Egocentric zone-aware action recognition across environments
Simone Alberto Peirone,Gabriele Goletto,Mirco Planamente,Andrea Bottino,Barbara Caputo,Giuseppe Averta
2024-09-22
Abstract:Human activities exhibit a strong correlation between actions and the places where these are performed, such as washing something at a sink. More specifically, in daily living environments we may identify particular locations, hereinafter named activity-centric zones, which may afford a set of homogeneous actions. Their knowledge can serve as a prior to favor vision models to recognize human activities. However, the appearance of these zones is scene-specific, limiting the transferability of this prior information to unfamiliar areas and domains. This problem is particularly relevant in egocentric vision, where the environment takes up most of the image, making it even more difficult to separate the action from the context. In this paper, we discuss the importance of decoupling the domain-specific appearance of activity-centric zones from their universal, domain-agnostic representations, and show how the latter can improve the cross-domain transferability of Egocentric Action Recognition (EAR) models. We validate our solution on the EPIC-Kitchens-100 and Argo1M datasets
Computer Vision and Pattern Recognition
What problem does this paper attempt to address?
The problem that this paper attempts to solve is: How to achieve human activity recognition (Egocentric Action Recognition, EAR) from the first - person perspective (egocentric vision) in different environments? In particular, in unseen environments, how can the model use environmental affordances to perform more accurate action recognition?
Specifically, the paper points out that current EAR models will learn the associations between actions and locations in specific environments during training. This association (i.e., co - occurrence bias) makes the model rely on the specific appearance features of the environment. However, when these models face new, unseen environments, because they cannot effectively ignore the changes in the environmental appearance, their performance drops significantly.
To solve this problem, the paper proposes a new method - EgoZAR (Egocentric Zone - Aware Action Recognition), aiming to improve the generalization ability of the model in different environments by extracting and using the general representations of activity - centric zones that are independent of the environment. Specific contributions include:
1. **Revealing the side effects of co - occurrence bias**: It is pointed out that existing EAR models will indirectly learn domain - specific information of the environment (domain - specific activity - centric zones) when processing first - person videos, which limits the performance of the model in new environments.

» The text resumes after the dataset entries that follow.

Lemma is_RInt_beta (a b : nat) :
  is_RInt (fun t => t ^ a * (1 - t) ^ b) 0 1
    (INR (fact a) * INR (fact b) / INR (fact (a + b + 1))).
Proof.
revert a; induction b as [|b IH]; intros a.
- assert (Ha : INR (S a) <> 0) by (apply not_0_INR; lia).
  replace (INR (fact a) * INR (fact 0) / INR (fact (a + 0 + 1)))
    with (1 ^ S a / INR (S a) - 0 ^ S a / INR (S a)).
  + apply (is_RInt_ext_R (fun t => t ^ a)), is_RInt_pow.
    intros t _; ring.
  + change (fact 0) with 1%nat.
    rewrite Nat.add_0_r, Nat.add_1_r, fact_simpl, mult_INR, pow1, pow_i, INR_1 by lia.
    field; split; [apply INR_fact_neq_0 | exact Ha].
- assert (Ha : INR (S a) <> 0) by (apply not_0_INR; lia).
  (* integration by parts against d/dt [t^(a+1) (1-t)^(b+1)] *)
  assert (Hparts : is_RInt (fun t => INR (S a) * (t ^ a * (1 - t) ^ S b)
                                    - INR (S b) * (t ^ S a * (1 - t) ^ b)) 0 1 0).
  { apply (is_RInt_derive_R (fun t => t ^ S a * (1 - t) ^ S b)); intros.
    + auto_derive; [exact I|].
      change (match a with 0%nat => 1 | S _ => INR a + 1 end) with (INR (S a)).
      change (match b with 0%nat => 1 | S _ => INR b + 1 end) with (INR (S b)).
      unfold Rminus; cbn [pow]; ring.
    + apply ex_derive_continuous_R; auto_derive; auto.
    + rewrite pow_i, Rminus_diag, pow_i by lia; ring. }
  replace (INR (fact a) * INR (fact (S b)) / INR (fact (a + S b + 1)))
    with (/ INR (S a) * (0 + INR (S b) *
            (INR (fact (S a)) * INR (fact b) / INR (fact (S a + b + 1))))).
  + eapply is_RInt_ext_R;
      [| apply is_RInt_scal_R, is_RInt_plus_R; [exact Hparts | apply is_RInt_scal_R, IH]].
    intros t _; unfold Rminus; cbn [pow]; field; exact Ha.
  + replace (S a + b + 1)%nat with (a + S b + 1)%nat by lia.
    rewrite (fact_simpl a), (fact_simpl b), !mult_INR.
    field; split; [apply INR_fact_neq_0 | exact Ha].
Qed.
Definition nfirings (ms : seq (int * seq nat)) (v : int) : nat :=
  count (fun m => m.1 == v) ms.

Definition all_at_zero : config := fun _ => 0.

(* The chip counts of a configuration reached by a run are linear in its
   firing vector f: the count at w is N [w = 0] minus the weighted Laplacian
   of f at w.  By the least action principle f is bounded by every
   nonnegative vector whose firing from the start leaves no site able to
   fire; u(w) = 2 (t + 1 - |w|) + 1 (and 0 beyond t + 1) is one, so
   f(+-(t+2)) = 0 and f(+-(t+1)) <= 1.  On each half-line, as the edge
   multiplicities halve from one site to the next, stability of the sites
   at distance 1, ..., t+1 says that the slopes d_k = f(k) - f(k+1) satisfy
   0 <= 2 d_k - d_(k+1) <= 2 and d_t - d_(t+1) <= 1.  Hence every slope is at
   most 2, and either all of d_0, ..., d_t equal 2 and f(0) = 2t + 3, or
   d_0 <= 1 and f(0) <= 2t + 2.  Stability of site 0 with its 2^(t+2) chips
   gives d_0 + d_0' >= 3 for the two half-lines, so one of them has d_0 = 2,
   hence f(0) = 2t + 3, hence so does the other. *)

From mathcomp Require Import all_boot all_order all_algebra.
From mathcomp Require Import zify ring.
Set Implicit Arguments.
Unset Strict Implicit.
Unset Printing Implicit Defensive.
Import Order.TTheory GRing.Theory Num.Theory.
Local Open Scope ring_scope.

Lemma count_rank_lt_sorted (s : seq nat) (l : nat) :
  sorted (fun x y => y < x)%N s ->
  count (fun x => count (fun y => y < x)%N s < l)%N s = minn l (size s).
Proof.
elim: s l => [|m s IHs] l /=; first by rewrite minn0.
move=> s_path.
have /allP lt_m := order_path_min (fun _ _ _ ab bc => ltn_trans bc ab) s_path.
have -> : count (fun y => y < m)%N s = size s.
  by rewrite -count_predT; apply: eq_in_count => y /lt_m.
have -> : count (fun x => (m < x) + count (fun y => y < x)%N s < l)%N s
        = count (fun x => count (fun y => y < x)%N s < l)%N s.
  by apply: eq_in_count => x /lt_m /ltnW x_le_m; rewrite (leq_gtF x_le_m).
rewrite (ltnn m) IHs ?(path_sorted s_path) //; case: (ltnP (size s) l); lia.
Qed.

Lemma count_rank_lt (S : seq nat) (l : nat) : uniq S ->
  count (fun x => count (fun y => y < x)%N S < l)%N S = minn l (size S).
Proof.
move=> uS; set s := rev (sort leq S).
have pSs : perm_eq S s by rewrite perm_sym perm_rev perm_sort.
have s_sorted : sorted (fun x y => y < x)%N s.
  by rewrite rev_sorted ltn_sorted_uniq_leq sort_uniq uS (sort_sorted leq_total).
under eq_count do rewrite (permP pSs).
by rewrite (permP pSs) (perm_size pSs) count_rank_lt_sorted.
Qed.

Lemma count_if_eq (T : Type) (U : eqType) (p : pred T) (a b u : U) (s : seq T) :
  count (fun x => (if p x then a else b) == u) s
  = ((a == u) * count p s + (b == u) * count (predC p) s)%N.
Proof. by elim: s => [|x s /= ->]; [rewrite !muln0 | case: (p x) => /=; lia]. Qed.

Lemma count_split_subset (T : eqType) (a : pred T) (S L : seq T) :
  uniq S -> uniq L -> {subset S <= L} ->
  count a L = (count a S + count a [seq x <- L | x \notin S])%N.
Proof.
move=> uS uL sSL; rewrite -(permP (permEl (perm_filterC (mem S) L))) count_cat.
congr (_ + _)%N; apply/permP; apply: uniq_perm; rewrite ?filter_uniq //.
move=> x; rewrite mem_filter /=.
by case: (boolP (x \in S)) => // x_S; rewrite (sSL x x_S).
Qed.

Definition deg (t : nat) (v : int) : nat := (left_deg t v + right_deg t v)%N.

Definition laplacian (t : nat) (f : int -> int) (v : int) : int :=
  f v * (deg t v)%:Z - f (v - 1) * (right_deg t (v - 1))%:Z
  - f (v + 1) * (left_deg t (v + 1))%:Z.

Definition delta (v : int) : int -> int := fun x => (v == x)%:Z.

Lemma laplacian_delta t v w : laplacian t (delta v) w =
  (v == w)%:Z * (deg t v)%:Z - (v + 1 == w)%:Z * (right_deg t v)%:Z
  - (v - 1 == w)%:Z * (left_deg t v)%:Z.
Proof.
rewrite /laplacian /delta.
have -> : (v == w - 1) = (v + 1 == w) by rewrite eq_sym subr_eq eq_sym.
have -> : (v == w + 1) = (v - 1 == w) by rewrite subr_eq.
congr (_ - _ - _).
- by case: eqP => [->|].
- by case: eqP => [<-|]; rewrite ?addrK.
- by case: eqP => [<-|]; rewrite ?subrK.
Qed.

Section Firing.
Variables (t : nat) (L : seq nat).
Hypothesis uL : uniq L.

Definition nchips (c : config) (v : int) : nat := count (fun x => c x == v) L.

Lemma nchips_fire c v S w : legal_move t L c v S ->
  (nchips (fire t c v S) w)%:Z = (nchips c w)%:Z - laplacian t (delta v) w.
Proof.
case/and3P=> uS /allP S_at_v /eqP size_S.
have sSL : {subset S <= L} by move=> x /S_at_v /andP[].
set rk := fun x => (count (fun y => y < x)%N S < left_deg t v)%N.
have rk_left : count rk S = left_deg t v.
  by rewrite count_rank_lt // size_S; apply/minn_idPl/leq_addr.
have rk_right : count (predC rk) S = right_deg t v.
  by apply/eqP; rewrite -(eqn_add2l (left_deg t v)) -{1}rk_left count_predC size_S.
have fire_S : count (fun x => fire t c v S x == w) S
    = (((v - 1)%R == w) * left_deg t v + ((v + 1)%R == w) * right_deg t v)%N.
  rewrite -rk_left -rk_right -count_if_eq.
  by apply: eq_in_count => x x_S; rewrite /fire x_S.
have c_S : count (fun x => c x == w) S = ((v == w) * deg t v)%N.
  rewrite /deg -size_S -count_predT.
  rewrite (@eq_in_count _ _ (fun=> v == w)); last first.
    by move=> x /S_at_v /andP[_ /eqP ->].
  by case: (v == w); rewrite ?mul1n ?mul0n ?count_predT ?count_pred0.
have fire_notS : count (fun x => fire t c v S x == w) [seq x <- L | x \notin S]
    = count (fun x => c x == w) [seq x <- L | x \notin S].
  by apply: eq_in_count => x; rewrite mem_filter /fire => /andP[/negbTE ->].
rewrite /nchips !(count_split_subset _ uS uL sSL) fire_S c_S fire_notS.
by rewrite laplacian_delta /deg !PoszD !PoszM; ring.
Qed.

Lemma nchips_run c ms c' : is_run t L c ms c' -> forall w,
  (nchips c' w)%:Z = (nchips c w)%:Z - laplacian t (fun x => (nfirings ms x)%:Z) w.
Proof.
elim=> {c ms c'} [c|c v S ms c' legal _ IH] w.
  by rewrite /laplacian /nfirings /=; ring.
by rewrite IH nchips_fire // /laplacian /delta /nfirings /= !PoszD; ring.
Qed.

Lemma legal_move_deg c v S : legal_move t L c v S -> (deg t v <= nchips c v)%N.
Proof.
rewrite /deg; case/and3P=> uS /allP S_at_v /eqP <-; rewrite /nchips -size_filter.
by apply: uniq_leq_size => // x /S_at_v /andP[x_L c_x]; rewrite mem_filter x_L c_x.
Qed.

Lemma stable_nchips c : stable t L c -> forall v, (nchips c v < deg t v)%N.
Proof.
move=> c_stable v; rewrite ltnNge; apply/negP => deg_le; apply: c_stable.
exists v, (take (deg t v) [seq x <- L | c x == v]); apply/and3P; split.
- by rewrite take_uniq ?filter_uniq.
- by apply/allP => x /mem_take; rewrite mem_filter => /andP[-> ->].
- by rewrite size_takel // size_filter.
Qed.

Lemma nfirings_le c ms c' (u : int -> int) : is_run t L c ms c' ->
  (forall w, 0 <= u w) ->
  (forall w, (nchips c w)%:Z - laplacian t u w < (deg t w)%:Z) ->
  forall w, (nfirings ms w)%:Z <= u w.
Proof.
move=> run; elim: run u => {c ms c'} [c|c v S ms c' legal _ IH] u u_ge0 u_stab w.
  exact: u_ge0.
have u_v_gt0 : 0 < u v.
  rewrite lt0r u_ge0 andbT; apply/eqP => u_v0.
  have := u_stab v; rewrite /laplacian u_v0.
  have := legal_move_deg legal; have := u_ge0 (v - 1); have := u_ge0 (v + 1).
  nia.
pose u' x := u x - delta v x.
have u'_ge0 x : 0 <= u' x.
  by rewrite /u' /delta; case: eqP => [<-|_] /=; have := u_ge0 x; lia.
have u'_stab x : (nchips (fire t c v S) x)%:Z - laplacian t u' x < (deg t x)%:Z.
  have -> : laplacian t u' x = laplacian t u x - laplacian t (delta v) x.
    by rewrite /laplacian /u'; ring.
  by rewrite nchips_fire //; have := u_stab x; lia.
have := IH u' u'_ge0 u'_stab w; rewrite /nfirings /u' /delta /= PoszD; lia.
Qed.
End Firing.

Definition weight (t n : nat) : int := if (n <= t)%N then (2 ^ (t - n))%N%:Z else 1.

Lemma weight_gt0 t n : 0 < weight t n.
Proof. by rewrite /weight; case: ifP; rewrite // ltz_nat expn_gt0. Qed.

Lemma weightS t n : (n < t)%N -> weight t n = 2 * weight t n.+1.
Proof.
move=> lt_nt; rewrite /weight ltnW // lt_nt -PoszM -expnS.
by congr (Posz (2 ^ _)); lia.
Qed.

Lemma weight_ge t n : (t <= n)%N -> weight t n = 1.
Proof.
by move=> le_tn; rewrite /weight; case: leqP => // _; rewrite (eqP le_tn).
Qed.

Lemma nedges_pos t n : (nedges t n%:Z)%:Z = weight t n.
Proof.
rewrite /nedges /weight; case: leqP => le_nt; first by rewrite ifT //; lia.
by rewrite !ifF //; lia.
Qed.

Lemma nedges_neg t n : (nedges t (- n.+1%:Z))%:Z = weight t n.
Proof.
rewrite /nedges /weight /=.
by case: leqP => le_nt; [rewrite ifT ?subSS | rewrite ifF]; lia.
Qed.

Lemma deg_pos t m : (deg t m.+1%:Z)%:Z = weight t m + weight t m.+1.
Proof.
rewrite /deg /left_deg /right_deg PoszD -nedges_pos -nedges_pos.
by have -> : m.+1%:Z - 1 = m%:Z by lia.
Qed.

Lemma deg_neg t m : (deg t (- m.+1%:Z))%:Z = weight t m + weight t m.+1.
Proof.
rewrite /deg /left_deg /right_deg PoszD -nedges_neg -nedges_neg addrC.
by have -> : - m.+1%:Z - 1 = - m.+2%:Z by lia.
Qed.

Lemma deg0 t : (deg t 0%:Z)%:Z = 2 * weight t 0.
Proof.
rewrite /deg /left_deg /right_deg PoszD.
by rewrite (_ : 0%:Z - 1 = - 1%:Z) // (nedges_neg t 0); lia.
Qed.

2. **Proposing the EgoZAR architecture**: Adopting a more general representation of activity - centric zones to improve the action recognition performance in unseen domains, enabling the model to use environmental affordances in unknown regions.
3. **Experimental verification**: Through extensive experiments on the EPIC - Kitchens - 100 and Argo1M datasets, it is proved that using domain - independent environmental representations can significantly improve the effect of action recognition, especially in unseen environments, achieving the latest domain generalization performance.
### Formula Summary
Some of the key formulas involved in the paper are as follows:
- **Updating regional features and action features**:
\[
o^z_i = x^z_i+\sigma\left(\frac{Q_z(x^z_i)K_z(x^z_i)^T}{\sqrt{D_z}}\cdot V_z(x^z_i)\right),\quad\tilde{x}^z_i = o^z_i+F_z(o^z_i)
\]
\[
o^m_i = x^m_i+\sigma\left(\frac{Q_m(x^z_i)K_m(x^m_i)^T}{\sqrt{D_z}}\cdot V_m(x^m_i)\right),\quad\tilde{x}^m_i = o^m_i+F_m(o^m_i)
\]
- **Pseudo - label assignment**:
\[
y^z_i=\min_k\|x^z_i - c_k\|_2
\]
These formulas show how EgoZAR separates regional features and action features through the attention mechanism and assigns pseudo - labels to each sample through the clustering algorithm, thereby achieving unsupervised learning of activity - centric zones.
In conclusion, this paper solves the problem of performance degradation of existing EAR models in new environments by introducing general representations of activity - centric zones and improves the generalization ability of the model.